Is 'T.super' a legal expression as per JLS?

Question

Consider the following set of expressions:

class T {{
/*1*/   Object o = T.super; // error: '.' expected
/*2*/   o.toString();
}}

An attempt to compile this will fail on line /*1*/ with the error:

error: '.' expected
    o = T.super;
               ^

both when using OpenJDK 1.8.0 (Ubuntu) or Oracle JDK 1.8 (Windows).

However, Eclipse 4.5.0 (Mars) compiles this without any error and it results in:

class T {
    T();
     0  aload_0 [this]
     1  invokespecial java.lang.Object() [8] // super()
     4  aload_0 [this]
     5  astore_1 [o]  // o = T.super
     7  invokevirtual java.lang.Object.toString() : java.lang.String [10]
    10  pop           // ^-- o.toString()
    11  return
}

From this you can see that the line /*1*/ of the java code (line 5 of the result) correctly stores this casted as Object (Eclipse's understanding of T.super) into the local variable o.
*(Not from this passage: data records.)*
Definition span_mod (S : A -> Prop) (f : A) :=
  exists s : seq (K * A),
    (forall t, t \in s -> S t.2) /\ inJ (f - \sum_(t <- s) t.1 *: t.2).

Variable S : A -> Prop.
Local Notation span := (span_mod S).

Lemma span_mod_mem b : S b -> span b.
Proof.
move=> Sb; exists [:: (1, b)]; split=> [t /[1!inE] /eqP -> //|].
by rewrite big_seq1 scale1r subrr; apply: in_ideal0.
Qed.

Lemma span_mod_eqmod f g : eqmod G f g -> span g -> span f.
Proof.
move=> fg [s [Ss gs]]; exists s; split=> //.
by rewrite -[f](subrK g) -addrA; apply: in_idealD.
Qed.

Lemma span_mod0 : span 0.
Proof. by exists [::]; rewrite big_nil subr0; split=> //; apply: in_ideal0. Qed.

Lemma span_modD f g : span f -> span g -> span (f + g).
Proof.
move=> [s [Ss fs]] [t [St gt]]; exists (s ++ t); split.
  by move=> u; rewrite mem_cat => /orP[/Ss|/St].
by rewrite big_cat opprD addrACA; apply: in_idealD.
Qed.

Lemma span_modZ c f : span f -> span (c *: f).
Proof.
move=> [s [Ss fs]]; exists [seq (c * t.1, t.2) | t <- s]; split.
  by move=> u /mapP[t /Ss St ->].
rewrite big_map (eq_bigr (fun t => c *: (t.1 *: t.2))) => [|t _]; last by rewrite scalerA.
by rewrite -scaler_sumr -scalerBr; apply: in_idealZ.
Qed.

Lemma span_modN f : span f -> span (- f).
Proof. by rewrite -scaleN1r; apply: span_modZ. Qed.

Lemma span_modM0 a w : eqmod G w 0 -> span (a * w).
Proof. by move/(eqmodMl a)/span_mod_eqmod; rewrite mulr0; apply; apply: span_mod0. Qed.

Lemma span_mod_sum (s : seq (K * A)) (F : A -> A) :
  (forall t, t \in s -> span (F t.2)) -> span (\sum_(t <- s) t.1 *: F t.2).
Proof.
elim: s => [|t s IHs] Fs; first by rewrite big_nil; apply: span_mod0.
rewrite big_cons; apply: span_modD; first by apply/span_modZ/Fs; rewrite mem_head.
by apply: IHs => u su; apply: Fs; rewrite inE su orbT.
Qed.

Lemma span_modMr x f : (forall b, S b -> span (b * x)) -> span f -> span (f * x).
Proof.
move=> Sx [s [Ss fs]].
apply: (span_mod_eqmod (g := \sum_(t <- s) t.1 *: (t.2 * x))).
  rewrite /eqmod (eq_bigr (fun t => t.1 *: t.2 * x)) => [|t _]; last by rewrite scalerAl.
  by rewrite -mulr_suml -mulrBl; apply: in_idealMr.
by apply: (span_mod_sum (F := fun b => b * x)) => t /Ss; apply: Sx.
Qed.

Hypothesis scalerAr_A : forall (c : K) (x y : A), x * (c *: y) = c *: (x * y).

Lemma span_modMl x f : (forall b, S b -> span (x * b)) -> span f -> span (x * f).
Proof.
move=> Sx [s [Ss fs]].
apply: (span_mod_eqmod (g := \sum_(t <- s) t.1 *: (x * t.2))).
  rewrite /eqmod (eq_bigr (fun t => x * (t.1 *: t.2))) => [|t _]; last by rewrite scalerAr_A.
  by rewrite -mulr_sumr -mulrBr; apply: in_idealMl.
by apply: (span_mod_sum (F := fun b => x * b)) => t /Ss; apply: Sx.
Qed.

End SpanModuloIdeal.

Lemma span_mod_sub (K : pzRingType) (A : lalgType K) (G S S' : A -> Prop) f :
  (forall b, S b -> span_mod G S' b) -> span_mod G S f -> span_mod G S' f.
Proof.
move=> SS' [s [Ss fs]]; apply: (span_mod_eqmod fs).
by apply: (span_mod_sum (F := id)) => t /Ss; apply: SS'.
Qed.

(** * Equations in an algebra by noncommutative normalisation *)

Section NCNormalisation.
Variable K : pzRingType.

Inductive ncexpr :=
  | NCAtom of nat
  | NCZero
  | NCOne
  | NCNat of nat
  | NCScale of K & ncexpr
  | NCAdd of ncexpr & ncexpr
  | NCOpp of ncexpr
  | NCMul of ncexpr & ncexpr.

Definition ncpoly := seq (K * seq nat).

Definition ncpoly_scale (c : K) (p : ncpoly) : ncpoly := [seq (c * m.1, m.2) | m <- p].

Definition ncpoly_mul (p q : ncpoly) : ncpoly :=
  [seq (m.1 * n.1, m.2 ++ n.2) | m <- p, n <- q].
When the code is executed, it completes normally and the line /*2*/ produces a correct result.

So far I failed to find anything relevant to o = T.super; in the Java 8 Language Specification, i.e. whether it's legal or not. Since it doesn't explicitly state that it's a legal expression, my guess is that it means it's illegal. But then, why Eclipse considers it legal? Hence my question:

Is T.super a legal expression as per JLS?

---

Edit: Simplified the code by removing a wrapping inner class.

Answer 1

No, it's not. Refer to Chapter 19. Searching for the keyword super yields the following constructs:

• wildcard bounds: extends T / super T;
• explicit constructor invocation: super(args);
• field access: [Typename.]super.field;
• method invocation: [Typename.]super.method();
• method reference: super::method.

The fact that it compiles may be considered a bug or a language extension, although there is no real difference between the two.

Answer 2

T.super is not a legal expression because it does not make sense. The super (with or without explicit type) syntax is only used to call methods from the super class. T.super does not call any method (if it were legal syntax), it only references a class instance. In your case, it references the outer T instance. The correct syntax would be T.this, which would point to the outer this.

Your class definition can be viewed like this (with a named inner class):

class Outer
{
    // Constructor Body
    {
        class Inner
        {{
            /*1*/   Outer o = Outer.super; // error: '.' expected
            /*2*/   o.toString();
        }};
        new Inner();
    }
}

The correct way to reference the outer class would be

Outer o = Outer.this; // valid